Posted: Wednesday 3rd October 2012 at 12:09 pm

US Embassy organizes science workshop for girls

Over the years, employable skills in the field of maths and science have been dominated by men.

It has become normal to have 2 out of 80 science students been girls.
It is to help change this perception that the Public Affairs Section of the US embassy is organizing a week long workshop in Accra, Tamale and Kumasi for school girls aged 10-14.

Women and girls have historically been under-represented in the study of math and science.

Interestingly, female students have over the years accepted the perception, science and maths are for the “sharp brain” – boys.

Speaking to Joy News, during the Accra program, Director General, Ghana India Kofi Annan center of excellence in ICT, Dorothy Gordon explained, for Ghana’s economy to expand, more focus needs to be paid on promoting science and math education in the Junior and Senior High Schools.

She said “Society is becoming even more technology driven than in the past and if we are going to keep up and Ghana is going to be competitive, it’s very important that we harness all our brains.

We cannot leave 51% of the nation’s brains behind and say that they are not going to partake in this technological revolution. So it is very important for Ghana – if we are going to be competitive that we harness all our brains – and that includes girls, young women and women.”

She refuted the notion that science education and professional careers in science is limited to being a doctor.

Dorothy Gordon, also called for an improvement in the quality of math and science teachers. According to her there is the “need to send very clear messaging that is something you can do as a young person it is a possibility”.

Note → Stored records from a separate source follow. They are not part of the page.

Hypothesis nbhd_one : forall i, base i -> nbhd i one.
Hypothesis nbhd_meet : forall i j, base i -> base j ->
  exists k, base k /\ forall z, nbhd k z -> nbhd i z /\ nbhd j z.
Hypothesis base_inhabited : exists i, base i.
Hypothesis nbhd_mul : forall i, base i ->
  exists j, base j /\ forall a b, nbhd j a -> nbhd j b -> nbhd i (mul a b).
Hypothesis nbhd_conj : forall i, base i -> forall g,
  exists j, base j /\ forall a, nbhd j a -> nbhd i (mul (mul g a) (inv g)).
Hypothesis nbhd_inv : forall i, base i ->
  exists j, base j /\ forall a, nbhd j a -> nbhd i (inv a).
Hypothesis nbhd_separates : forall x y, x <> y ->
  exists i, base i /\ forall a b, nbhd i a -> nbhd i b -> mul x a <> mul y b.

Lemma base_open_topology : is_topology base_open.
Proof.
  split; [|split].
  - intros p _. destruct base_inhabited as [i hi]. exists i. auto.
  - intros F hF p [U [hFU hUp]]. destruct (hF U hFU p hUp) as [i [hi hU]].
    exists i. split; [exact hi|]. intros n hn. exists U. auto.
  - intros U V hU hV p [hUp hVp].
    destruct (hU p hUp) as [i [hi hUi]], (hV p hVp) as [j [hj hVj]].
    destruct (nbhd_meet i j hi hj) as [k [hk hkij]].
    exists k. split; [exact hk|]. intros n hn. destruct (hkij n hn). auto.
Qed.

The aim of this program is to heighten their interest in math and science and also encourage them to venture into careers such as IT specialists and engineering.

Dr. Kimberly Brown, a Resource Person at the workshop, encouraged girls to take the study of math and science seriously. She noted that “the future in every economy is going to be technical jobs. So if we don’t get a lot more girls involved in technical jobs, we are going to be left out …. Computers, ICT, robotics, technology”.